DATA FOR REVIEW:
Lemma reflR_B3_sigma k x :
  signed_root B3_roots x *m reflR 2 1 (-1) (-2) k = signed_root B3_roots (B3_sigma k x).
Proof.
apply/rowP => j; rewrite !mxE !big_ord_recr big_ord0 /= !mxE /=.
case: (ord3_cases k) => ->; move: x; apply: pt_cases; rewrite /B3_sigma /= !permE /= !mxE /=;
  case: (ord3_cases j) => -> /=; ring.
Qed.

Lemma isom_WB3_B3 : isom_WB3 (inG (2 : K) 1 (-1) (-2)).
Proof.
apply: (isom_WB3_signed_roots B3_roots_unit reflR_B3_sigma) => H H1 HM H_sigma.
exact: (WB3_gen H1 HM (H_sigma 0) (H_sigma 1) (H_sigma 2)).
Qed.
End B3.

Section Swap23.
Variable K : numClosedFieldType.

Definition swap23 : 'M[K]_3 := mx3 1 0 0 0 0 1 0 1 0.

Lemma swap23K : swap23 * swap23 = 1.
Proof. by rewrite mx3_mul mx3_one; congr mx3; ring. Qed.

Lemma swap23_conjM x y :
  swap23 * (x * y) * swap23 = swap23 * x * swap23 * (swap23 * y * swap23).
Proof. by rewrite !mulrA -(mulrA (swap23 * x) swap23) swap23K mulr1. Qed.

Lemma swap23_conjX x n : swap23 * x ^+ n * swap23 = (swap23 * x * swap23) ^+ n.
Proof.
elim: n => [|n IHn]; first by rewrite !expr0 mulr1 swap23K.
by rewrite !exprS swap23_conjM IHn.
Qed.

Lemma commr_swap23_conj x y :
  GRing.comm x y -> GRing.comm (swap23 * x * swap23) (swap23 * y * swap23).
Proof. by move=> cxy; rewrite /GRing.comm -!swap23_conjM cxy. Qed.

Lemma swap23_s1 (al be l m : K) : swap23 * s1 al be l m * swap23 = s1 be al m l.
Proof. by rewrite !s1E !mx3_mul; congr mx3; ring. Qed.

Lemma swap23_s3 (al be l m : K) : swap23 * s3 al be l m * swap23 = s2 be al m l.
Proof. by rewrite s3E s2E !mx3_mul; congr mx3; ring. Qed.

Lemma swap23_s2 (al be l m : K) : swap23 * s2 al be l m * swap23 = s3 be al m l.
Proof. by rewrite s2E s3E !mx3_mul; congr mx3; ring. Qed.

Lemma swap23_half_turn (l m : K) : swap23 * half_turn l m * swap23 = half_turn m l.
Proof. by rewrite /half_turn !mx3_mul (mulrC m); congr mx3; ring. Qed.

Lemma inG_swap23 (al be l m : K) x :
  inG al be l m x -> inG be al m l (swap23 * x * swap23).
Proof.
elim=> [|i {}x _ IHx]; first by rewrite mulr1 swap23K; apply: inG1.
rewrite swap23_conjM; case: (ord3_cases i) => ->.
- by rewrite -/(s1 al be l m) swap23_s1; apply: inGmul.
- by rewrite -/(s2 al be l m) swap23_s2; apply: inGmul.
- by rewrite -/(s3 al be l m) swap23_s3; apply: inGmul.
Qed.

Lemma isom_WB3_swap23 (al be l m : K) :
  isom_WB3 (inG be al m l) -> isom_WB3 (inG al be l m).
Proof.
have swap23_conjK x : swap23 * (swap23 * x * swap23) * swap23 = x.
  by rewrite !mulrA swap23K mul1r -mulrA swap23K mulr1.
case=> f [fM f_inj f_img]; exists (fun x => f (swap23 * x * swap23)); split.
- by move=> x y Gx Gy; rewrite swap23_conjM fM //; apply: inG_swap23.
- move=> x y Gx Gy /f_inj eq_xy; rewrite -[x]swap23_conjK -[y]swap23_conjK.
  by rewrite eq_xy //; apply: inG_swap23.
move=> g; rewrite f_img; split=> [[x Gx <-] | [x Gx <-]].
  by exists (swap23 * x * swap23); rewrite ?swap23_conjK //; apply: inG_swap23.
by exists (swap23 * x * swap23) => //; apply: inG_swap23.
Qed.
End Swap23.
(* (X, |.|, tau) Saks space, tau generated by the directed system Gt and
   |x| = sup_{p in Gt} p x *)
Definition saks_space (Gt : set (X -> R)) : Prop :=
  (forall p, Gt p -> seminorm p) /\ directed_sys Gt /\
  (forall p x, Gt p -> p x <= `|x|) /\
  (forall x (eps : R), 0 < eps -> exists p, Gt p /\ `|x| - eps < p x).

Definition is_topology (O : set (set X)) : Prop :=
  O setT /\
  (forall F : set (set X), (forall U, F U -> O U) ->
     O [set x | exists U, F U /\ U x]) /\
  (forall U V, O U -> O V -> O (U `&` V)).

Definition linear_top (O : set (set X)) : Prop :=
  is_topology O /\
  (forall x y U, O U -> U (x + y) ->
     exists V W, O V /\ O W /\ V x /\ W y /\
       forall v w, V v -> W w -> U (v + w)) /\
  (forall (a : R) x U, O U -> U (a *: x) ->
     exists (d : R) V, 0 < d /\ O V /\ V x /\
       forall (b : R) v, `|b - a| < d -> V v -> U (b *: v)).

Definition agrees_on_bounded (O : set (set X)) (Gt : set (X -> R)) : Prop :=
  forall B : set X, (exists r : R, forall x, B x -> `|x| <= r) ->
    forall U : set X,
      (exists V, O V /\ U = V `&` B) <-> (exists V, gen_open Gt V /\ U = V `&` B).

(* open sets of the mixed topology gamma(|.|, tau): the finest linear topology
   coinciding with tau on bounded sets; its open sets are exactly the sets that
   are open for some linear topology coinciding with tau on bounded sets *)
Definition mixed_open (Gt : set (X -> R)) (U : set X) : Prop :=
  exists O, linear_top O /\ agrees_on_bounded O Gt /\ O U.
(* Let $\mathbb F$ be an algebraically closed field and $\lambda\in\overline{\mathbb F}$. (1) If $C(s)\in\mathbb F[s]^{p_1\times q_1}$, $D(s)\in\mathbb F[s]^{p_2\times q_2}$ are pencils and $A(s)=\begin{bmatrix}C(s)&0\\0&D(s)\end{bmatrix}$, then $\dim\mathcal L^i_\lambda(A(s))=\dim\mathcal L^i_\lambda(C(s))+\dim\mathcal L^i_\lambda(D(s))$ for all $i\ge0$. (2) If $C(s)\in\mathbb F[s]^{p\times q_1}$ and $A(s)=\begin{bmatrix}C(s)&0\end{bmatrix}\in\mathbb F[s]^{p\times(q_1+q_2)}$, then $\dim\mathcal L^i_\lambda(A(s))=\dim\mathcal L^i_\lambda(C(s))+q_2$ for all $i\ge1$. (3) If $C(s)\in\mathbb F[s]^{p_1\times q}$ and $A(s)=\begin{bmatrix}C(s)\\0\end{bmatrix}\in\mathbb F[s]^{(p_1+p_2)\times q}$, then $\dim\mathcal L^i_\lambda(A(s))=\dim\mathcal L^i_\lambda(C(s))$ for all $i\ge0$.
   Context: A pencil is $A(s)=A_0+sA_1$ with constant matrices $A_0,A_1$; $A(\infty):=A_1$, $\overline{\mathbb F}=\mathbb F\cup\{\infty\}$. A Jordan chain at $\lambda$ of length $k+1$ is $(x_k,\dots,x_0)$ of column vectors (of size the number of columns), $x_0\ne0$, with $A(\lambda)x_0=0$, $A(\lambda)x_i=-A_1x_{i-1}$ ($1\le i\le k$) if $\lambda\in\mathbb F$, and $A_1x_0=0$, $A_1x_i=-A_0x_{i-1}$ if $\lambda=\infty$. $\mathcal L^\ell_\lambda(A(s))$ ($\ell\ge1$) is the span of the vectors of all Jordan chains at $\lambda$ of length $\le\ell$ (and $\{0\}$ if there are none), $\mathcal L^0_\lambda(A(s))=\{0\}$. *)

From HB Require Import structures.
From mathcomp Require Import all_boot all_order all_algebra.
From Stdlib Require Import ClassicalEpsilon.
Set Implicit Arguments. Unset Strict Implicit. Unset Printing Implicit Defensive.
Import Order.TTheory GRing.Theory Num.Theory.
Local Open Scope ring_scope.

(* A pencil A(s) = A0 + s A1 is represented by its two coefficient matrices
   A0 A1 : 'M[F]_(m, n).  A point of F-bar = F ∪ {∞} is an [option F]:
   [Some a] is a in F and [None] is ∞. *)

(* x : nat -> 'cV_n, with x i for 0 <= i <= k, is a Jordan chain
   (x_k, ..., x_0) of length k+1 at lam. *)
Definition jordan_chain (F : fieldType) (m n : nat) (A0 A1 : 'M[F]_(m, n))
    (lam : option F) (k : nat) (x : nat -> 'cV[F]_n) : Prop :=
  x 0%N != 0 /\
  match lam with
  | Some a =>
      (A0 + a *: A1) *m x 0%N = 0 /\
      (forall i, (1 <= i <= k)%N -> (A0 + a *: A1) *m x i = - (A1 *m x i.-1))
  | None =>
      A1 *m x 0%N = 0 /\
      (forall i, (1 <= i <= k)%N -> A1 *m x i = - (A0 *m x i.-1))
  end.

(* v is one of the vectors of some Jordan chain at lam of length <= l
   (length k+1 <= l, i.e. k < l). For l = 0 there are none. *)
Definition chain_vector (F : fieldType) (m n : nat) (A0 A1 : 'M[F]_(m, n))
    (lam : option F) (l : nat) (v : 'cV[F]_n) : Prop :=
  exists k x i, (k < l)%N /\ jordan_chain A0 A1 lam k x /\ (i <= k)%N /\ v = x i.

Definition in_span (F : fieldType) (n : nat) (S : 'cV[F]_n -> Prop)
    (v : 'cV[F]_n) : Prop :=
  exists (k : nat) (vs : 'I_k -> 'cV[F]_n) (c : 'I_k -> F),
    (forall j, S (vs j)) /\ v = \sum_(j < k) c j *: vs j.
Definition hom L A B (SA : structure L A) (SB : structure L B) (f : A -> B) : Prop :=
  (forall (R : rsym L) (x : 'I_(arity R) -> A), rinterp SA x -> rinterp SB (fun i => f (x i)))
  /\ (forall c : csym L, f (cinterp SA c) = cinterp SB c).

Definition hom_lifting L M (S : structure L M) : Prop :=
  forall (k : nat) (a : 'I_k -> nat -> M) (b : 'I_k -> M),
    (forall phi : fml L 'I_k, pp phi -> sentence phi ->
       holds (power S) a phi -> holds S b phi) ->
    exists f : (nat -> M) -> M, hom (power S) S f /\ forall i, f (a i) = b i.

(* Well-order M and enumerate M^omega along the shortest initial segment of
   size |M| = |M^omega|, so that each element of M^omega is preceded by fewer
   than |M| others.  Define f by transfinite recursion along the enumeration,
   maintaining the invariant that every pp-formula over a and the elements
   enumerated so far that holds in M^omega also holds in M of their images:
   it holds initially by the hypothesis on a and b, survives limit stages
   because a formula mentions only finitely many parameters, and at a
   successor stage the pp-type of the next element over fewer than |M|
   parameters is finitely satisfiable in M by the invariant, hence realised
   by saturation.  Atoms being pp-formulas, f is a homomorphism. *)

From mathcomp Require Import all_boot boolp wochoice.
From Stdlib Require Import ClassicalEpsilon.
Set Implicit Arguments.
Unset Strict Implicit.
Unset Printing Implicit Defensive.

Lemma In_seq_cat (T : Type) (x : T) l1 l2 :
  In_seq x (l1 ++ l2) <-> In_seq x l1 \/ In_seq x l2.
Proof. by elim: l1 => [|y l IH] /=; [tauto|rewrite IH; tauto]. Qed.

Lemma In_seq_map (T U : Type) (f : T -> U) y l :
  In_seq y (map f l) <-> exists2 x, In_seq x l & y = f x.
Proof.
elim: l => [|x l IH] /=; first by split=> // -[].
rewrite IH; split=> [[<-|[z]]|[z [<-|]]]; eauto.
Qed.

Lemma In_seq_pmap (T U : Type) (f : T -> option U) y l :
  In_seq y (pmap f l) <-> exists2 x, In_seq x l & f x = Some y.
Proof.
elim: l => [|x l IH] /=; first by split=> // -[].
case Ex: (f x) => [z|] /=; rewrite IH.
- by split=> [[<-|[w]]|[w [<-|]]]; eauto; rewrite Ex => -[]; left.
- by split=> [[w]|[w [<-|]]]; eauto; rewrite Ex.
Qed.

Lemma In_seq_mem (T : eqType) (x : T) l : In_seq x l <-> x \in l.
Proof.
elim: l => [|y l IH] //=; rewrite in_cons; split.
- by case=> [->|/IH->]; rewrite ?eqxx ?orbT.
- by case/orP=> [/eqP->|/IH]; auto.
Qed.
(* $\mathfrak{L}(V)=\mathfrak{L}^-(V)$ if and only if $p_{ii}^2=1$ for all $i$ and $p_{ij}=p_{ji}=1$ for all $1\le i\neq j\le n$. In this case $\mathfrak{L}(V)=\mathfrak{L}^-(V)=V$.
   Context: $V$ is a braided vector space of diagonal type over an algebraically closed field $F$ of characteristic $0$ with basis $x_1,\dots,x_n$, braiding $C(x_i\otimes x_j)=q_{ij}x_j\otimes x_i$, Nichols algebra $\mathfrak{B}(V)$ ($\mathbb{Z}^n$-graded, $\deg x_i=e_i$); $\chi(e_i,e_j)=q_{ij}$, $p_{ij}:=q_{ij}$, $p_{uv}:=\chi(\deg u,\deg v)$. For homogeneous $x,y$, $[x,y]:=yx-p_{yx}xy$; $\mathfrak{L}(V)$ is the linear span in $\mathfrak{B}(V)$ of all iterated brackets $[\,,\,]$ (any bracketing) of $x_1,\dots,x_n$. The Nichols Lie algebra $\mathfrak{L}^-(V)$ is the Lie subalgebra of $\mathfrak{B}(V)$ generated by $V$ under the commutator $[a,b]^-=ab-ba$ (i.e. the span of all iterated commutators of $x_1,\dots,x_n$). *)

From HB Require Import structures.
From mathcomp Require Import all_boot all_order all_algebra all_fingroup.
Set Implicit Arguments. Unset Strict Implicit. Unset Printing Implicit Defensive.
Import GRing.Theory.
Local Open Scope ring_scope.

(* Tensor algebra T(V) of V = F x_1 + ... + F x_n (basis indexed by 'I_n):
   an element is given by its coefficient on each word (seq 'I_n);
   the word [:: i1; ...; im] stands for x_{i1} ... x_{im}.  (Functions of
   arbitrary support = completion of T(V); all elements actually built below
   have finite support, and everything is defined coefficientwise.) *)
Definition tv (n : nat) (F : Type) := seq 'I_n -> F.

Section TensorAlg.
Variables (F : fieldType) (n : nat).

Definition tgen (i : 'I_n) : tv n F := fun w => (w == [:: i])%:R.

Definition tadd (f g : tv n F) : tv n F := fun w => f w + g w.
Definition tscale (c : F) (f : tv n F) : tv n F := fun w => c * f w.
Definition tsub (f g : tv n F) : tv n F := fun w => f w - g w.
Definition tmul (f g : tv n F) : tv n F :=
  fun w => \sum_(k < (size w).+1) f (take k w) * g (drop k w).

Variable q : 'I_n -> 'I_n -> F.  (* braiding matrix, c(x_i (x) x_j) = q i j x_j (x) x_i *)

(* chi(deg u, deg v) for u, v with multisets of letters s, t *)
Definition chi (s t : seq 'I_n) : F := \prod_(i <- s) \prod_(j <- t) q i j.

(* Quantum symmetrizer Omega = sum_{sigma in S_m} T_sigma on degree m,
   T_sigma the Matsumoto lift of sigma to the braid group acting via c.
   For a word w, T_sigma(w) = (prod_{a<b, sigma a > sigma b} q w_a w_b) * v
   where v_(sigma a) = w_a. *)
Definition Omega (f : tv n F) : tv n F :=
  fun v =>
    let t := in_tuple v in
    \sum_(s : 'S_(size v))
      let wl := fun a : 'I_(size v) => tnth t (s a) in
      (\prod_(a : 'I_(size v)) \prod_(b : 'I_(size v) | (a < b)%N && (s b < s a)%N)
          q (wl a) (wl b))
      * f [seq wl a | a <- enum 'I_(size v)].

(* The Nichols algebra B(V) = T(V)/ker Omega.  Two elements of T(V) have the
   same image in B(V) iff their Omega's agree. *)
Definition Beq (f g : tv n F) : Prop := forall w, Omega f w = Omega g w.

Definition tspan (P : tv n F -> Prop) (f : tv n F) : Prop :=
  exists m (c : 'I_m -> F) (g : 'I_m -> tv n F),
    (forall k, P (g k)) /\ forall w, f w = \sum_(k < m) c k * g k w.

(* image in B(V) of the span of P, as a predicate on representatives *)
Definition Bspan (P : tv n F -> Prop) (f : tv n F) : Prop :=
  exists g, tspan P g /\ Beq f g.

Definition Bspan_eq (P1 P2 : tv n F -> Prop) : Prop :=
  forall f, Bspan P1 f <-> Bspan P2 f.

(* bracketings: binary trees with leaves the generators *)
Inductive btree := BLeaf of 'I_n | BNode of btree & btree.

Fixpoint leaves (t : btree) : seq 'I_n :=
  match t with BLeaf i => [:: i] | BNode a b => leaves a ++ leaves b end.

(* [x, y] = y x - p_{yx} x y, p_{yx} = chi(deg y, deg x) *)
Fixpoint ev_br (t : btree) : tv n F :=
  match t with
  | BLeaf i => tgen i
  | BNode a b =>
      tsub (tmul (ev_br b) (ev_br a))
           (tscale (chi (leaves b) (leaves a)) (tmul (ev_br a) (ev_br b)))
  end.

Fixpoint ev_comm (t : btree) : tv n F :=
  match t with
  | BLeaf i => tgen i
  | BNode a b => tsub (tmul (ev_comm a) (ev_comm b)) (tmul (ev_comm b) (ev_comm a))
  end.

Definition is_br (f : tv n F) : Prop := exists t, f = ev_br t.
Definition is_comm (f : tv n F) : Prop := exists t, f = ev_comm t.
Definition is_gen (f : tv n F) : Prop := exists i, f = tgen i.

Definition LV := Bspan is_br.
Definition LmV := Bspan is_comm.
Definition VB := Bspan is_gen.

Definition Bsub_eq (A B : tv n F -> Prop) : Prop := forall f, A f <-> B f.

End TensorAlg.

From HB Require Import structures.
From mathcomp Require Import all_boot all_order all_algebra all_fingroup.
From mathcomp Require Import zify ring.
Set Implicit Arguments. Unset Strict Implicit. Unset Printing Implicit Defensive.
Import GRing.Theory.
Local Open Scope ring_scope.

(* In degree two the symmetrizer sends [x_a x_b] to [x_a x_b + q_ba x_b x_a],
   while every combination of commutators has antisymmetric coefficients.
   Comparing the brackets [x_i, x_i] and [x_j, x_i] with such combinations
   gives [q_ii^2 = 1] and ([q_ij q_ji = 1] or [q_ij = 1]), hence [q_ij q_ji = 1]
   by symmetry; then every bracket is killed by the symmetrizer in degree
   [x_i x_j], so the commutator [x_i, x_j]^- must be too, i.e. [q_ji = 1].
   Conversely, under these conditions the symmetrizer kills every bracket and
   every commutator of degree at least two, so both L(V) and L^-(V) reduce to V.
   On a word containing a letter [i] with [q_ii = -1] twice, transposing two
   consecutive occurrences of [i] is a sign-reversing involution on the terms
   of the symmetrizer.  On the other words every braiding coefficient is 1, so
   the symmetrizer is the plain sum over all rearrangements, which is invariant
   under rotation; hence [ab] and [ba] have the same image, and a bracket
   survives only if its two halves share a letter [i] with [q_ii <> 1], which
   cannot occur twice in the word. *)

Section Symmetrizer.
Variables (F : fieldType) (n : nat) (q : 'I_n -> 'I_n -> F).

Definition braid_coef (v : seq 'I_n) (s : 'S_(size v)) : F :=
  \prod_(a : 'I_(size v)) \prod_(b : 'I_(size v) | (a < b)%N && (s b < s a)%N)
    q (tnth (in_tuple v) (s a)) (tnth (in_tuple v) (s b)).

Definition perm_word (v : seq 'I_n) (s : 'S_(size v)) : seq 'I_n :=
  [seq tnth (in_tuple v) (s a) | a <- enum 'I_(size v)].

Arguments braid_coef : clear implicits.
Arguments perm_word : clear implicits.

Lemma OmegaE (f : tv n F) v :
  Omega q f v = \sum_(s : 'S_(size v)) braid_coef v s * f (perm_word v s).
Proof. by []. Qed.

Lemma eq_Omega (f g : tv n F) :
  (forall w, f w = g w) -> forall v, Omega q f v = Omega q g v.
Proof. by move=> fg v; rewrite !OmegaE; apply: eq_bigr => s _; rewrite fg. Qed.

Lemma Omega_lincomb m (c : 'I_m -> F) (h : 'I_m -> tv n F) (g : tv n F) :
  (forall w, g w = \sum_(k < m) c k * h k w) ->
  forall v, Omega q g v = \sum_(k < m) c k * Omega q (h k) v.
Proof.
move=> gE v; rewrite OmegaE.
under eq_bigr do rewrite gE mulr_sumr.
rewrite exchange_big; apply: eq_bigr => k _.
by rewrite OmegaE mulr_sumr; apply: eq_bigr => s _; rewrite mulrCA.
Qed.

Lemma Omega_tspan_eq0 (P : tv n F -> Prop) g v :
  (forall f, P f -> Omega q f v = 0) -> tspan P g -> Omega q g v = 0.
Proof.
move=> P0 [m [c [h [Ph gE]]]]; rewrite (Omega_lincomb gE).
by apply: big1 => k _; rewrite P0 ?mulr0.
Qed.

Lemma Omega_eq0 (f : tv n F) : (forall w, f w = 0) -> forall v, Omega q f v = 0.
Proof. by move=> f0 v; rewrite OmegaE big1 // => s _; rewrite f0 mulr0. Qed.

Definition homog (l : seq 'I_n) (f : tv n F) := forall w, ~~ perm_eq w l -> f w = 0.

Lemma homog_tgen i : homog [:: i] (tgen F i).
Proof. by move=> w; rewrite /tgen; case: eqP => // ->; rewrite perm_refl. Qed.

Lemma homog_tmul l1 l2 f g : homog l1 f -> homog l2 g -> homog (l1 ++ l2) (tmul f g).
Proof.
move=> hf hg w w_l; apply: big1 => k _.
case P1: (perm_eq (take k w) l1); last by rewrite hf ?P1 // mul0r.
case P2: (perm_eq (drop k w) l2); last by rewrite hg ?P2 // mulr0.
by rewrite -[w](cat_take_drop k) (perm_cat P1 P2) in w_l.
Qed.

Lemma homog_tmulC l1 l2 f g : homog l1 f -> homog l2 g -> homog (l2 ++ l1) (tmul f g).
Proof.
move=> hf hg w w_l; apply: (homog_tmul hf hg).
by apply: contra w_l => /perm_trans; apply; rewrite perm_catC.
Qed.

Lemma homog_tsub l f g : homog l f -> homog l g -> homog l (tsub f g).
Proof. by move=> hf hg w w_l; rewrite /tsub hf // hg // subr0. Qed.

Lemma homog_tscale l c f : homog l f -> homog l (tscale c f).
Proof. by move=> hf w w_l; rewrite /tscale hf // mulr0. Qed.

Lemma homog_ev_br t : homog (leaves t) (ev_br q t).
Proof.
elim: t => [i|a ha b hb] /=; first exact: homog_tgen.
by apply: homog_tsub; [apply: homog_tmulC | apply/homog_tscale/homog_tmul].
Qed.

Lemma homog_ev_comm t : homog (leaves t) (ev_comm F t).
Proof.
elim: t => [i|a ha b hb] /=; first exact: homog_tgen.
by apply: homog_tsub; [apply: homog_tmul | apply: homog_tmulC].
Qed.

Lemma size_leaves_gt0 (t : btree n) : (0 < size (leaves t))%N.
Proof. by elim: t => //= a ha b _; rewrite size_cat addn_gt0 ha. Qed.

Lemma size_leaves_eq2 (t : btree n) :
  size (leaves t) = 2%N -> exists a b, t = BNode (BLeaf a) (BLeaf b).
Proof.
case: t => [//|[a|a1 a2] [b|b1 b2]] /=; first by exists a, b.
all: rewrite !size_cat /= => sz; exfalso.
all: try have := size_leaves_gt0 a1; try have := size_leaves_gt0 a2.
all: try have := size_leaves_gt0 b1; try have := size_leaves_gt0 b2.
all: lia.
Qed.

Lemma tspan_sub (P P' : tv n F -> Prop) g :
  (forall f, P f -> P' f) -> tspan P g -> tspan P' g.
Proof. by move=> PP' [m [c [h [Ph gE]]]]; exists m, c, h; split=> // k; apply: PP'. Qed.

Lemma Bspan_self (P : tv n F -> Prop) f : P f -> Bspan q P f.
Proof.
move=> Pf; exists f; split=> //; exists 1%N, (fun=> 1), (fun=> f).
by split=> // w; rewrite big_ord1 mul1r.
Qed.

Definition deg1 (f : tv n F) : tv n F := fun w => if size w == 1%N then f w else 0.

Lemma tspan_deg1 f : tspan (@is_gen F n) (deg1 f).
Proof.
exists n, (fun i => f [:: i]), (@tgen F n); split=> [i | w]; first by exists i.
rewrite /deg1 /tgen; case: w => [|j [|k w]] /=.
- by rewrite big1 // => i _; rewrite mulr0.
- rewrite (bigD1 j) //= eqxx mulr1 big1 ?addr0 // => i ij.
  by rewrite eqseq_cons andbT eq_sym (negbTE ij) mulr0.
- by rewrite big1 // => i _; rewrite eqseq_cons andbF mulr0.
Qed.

WORK TASK:
Output only an exact transcription of the lines above from the one with "exists f : (nat" up to and including the one with "Proof. by elim: l1".

TASK OUTPUT:
    exists f : (nat -> M) -> M, hom (power S) S f /\ forall i, f (a i) = b i.

(* Well-order M and enumerate M^omega along the shortest initial segment of
   size |M| = |M^omega|, so that each element of M^omega is preceded by fewer
   than |M| others.  Define f by transfinite recursion along the enumeration,
   maintaining the invariant that every pp-formula over a and the elements
   enumerated so far that holds in M^omega also holds in M of their images:
   it holds initially by the hypothesis on a and b, survives limit stages
   because a formula mentions only finitely many parameters, and at a
   successor stage the pp-type of the next element over fewer than |M|
   parameters is finitely satisfiable in M by the invariant, hence realised
   by saturation.  Atoms being pp-formulas, f is a homomorphism. *)

From mathcomp Require Import all_boot boolp wochoice.
From Stdlib Require Import ClassicalEpsilon.
Set Implicit Arguments.
Unset Strict Implicit.
Unset Printing Implicit Defensive.

Lemma In_seq_cat (T : Type) (x : T) l1 l2 :
  In_seq x (l1 ++ l2) <-> In_seq x l1 \/ In_seq x l2.
Proof. by elim: l1 => [|y l IH] /=; [tauto|rewrite IH; tauto]. Qed.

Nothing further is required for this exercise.